(Stored data)
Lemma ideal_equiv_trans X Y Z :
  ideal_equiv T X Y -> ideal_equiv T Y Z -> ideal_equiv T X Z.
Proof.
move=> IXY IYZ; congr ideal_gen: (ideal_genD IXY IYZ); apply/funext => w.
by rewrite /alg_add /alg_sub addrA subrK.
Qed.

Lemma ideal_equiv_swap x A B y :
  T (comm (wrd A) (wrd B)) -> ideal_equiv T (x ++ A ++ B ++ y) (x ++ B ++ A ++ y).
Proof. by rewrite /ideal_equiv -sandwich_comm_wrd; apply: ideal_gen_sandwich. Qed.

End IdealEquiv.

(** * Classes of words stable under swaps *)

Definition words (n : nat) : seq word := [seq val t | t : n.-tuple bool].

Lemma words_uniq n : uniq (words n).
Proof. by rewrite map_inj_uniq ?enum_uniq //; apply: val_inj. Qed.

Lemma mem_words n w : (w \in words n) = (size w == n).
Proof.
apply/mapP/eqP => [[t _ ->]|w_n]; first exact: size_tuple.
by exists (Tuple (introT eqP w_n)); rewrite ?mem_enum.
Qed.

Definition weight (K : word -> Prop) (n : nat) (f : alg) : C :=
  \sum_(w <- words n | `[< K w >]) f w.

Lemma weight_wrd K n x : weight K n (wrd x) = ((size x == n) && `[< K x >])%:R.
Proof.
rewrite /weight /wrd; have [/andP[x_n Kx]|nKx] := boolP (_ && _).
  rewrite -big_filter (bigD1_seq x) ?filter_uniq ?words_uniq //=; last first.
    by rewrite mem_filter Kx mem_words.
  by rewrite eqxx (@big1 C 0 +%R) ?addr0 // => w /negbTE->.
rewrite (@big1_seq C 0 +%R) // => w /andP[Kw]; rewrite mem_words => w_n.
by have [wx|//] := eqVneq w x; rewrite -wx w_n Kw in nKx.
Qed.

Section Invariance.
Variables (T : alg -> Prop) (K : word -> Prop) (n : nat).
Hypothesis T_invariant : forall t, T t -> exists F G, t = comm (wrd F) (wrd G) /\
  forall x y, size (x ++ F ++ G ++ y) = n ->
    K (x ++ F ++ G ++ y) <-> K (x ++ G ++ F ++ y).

ACTIVITY: Copy, word for word, the line that contains "Definition weight (K" and every line after it through the end of the records, and nothing else.

ANSWER:
Definition weight (K : word -> Prop) (n : nat) (f : alg) : C :=
  \sum_(w <- words n | `[< K w >]) f w.

Lemma weight_wrd K n x : weight K n (wrd x) = ((size x == n) && `[< K x >])%:R.
Proof.
rewrite /weight /wrd; have [/andP[x_n Kx]|nKx] := boolP (_ && _).
  rewrite -big_filter (bigD1_seq x) ?filter_uniq ?words_uniq //=; last first.
    by rewrite mem_filter Kx mem_words.
  by rewrite eqxx (@big1 C 0 +%R) ?addr0 // => w /negbTE->.
rewrite (@big1_seq C 0 +%R) // => w /andP[Kw]; rewrite mem_words => w_n.
by have [wx|//] := eqVneq w x; rewrite -wx w_n Kw in nKx.
Qed.

Section Invariance.
Variables (T : alg -> Prop) (K : word -> Prop) (n : nat).
Hypothesis T_invariant : forall t, T t -> exists F G, t = comm (wrd F) (wrd G) /\
  forall x y, size (x ++ F ++ G ++ y) = n ->
    K (x ++ F ++ G ++ y) <-> K (x ++ G ++ F ++ y).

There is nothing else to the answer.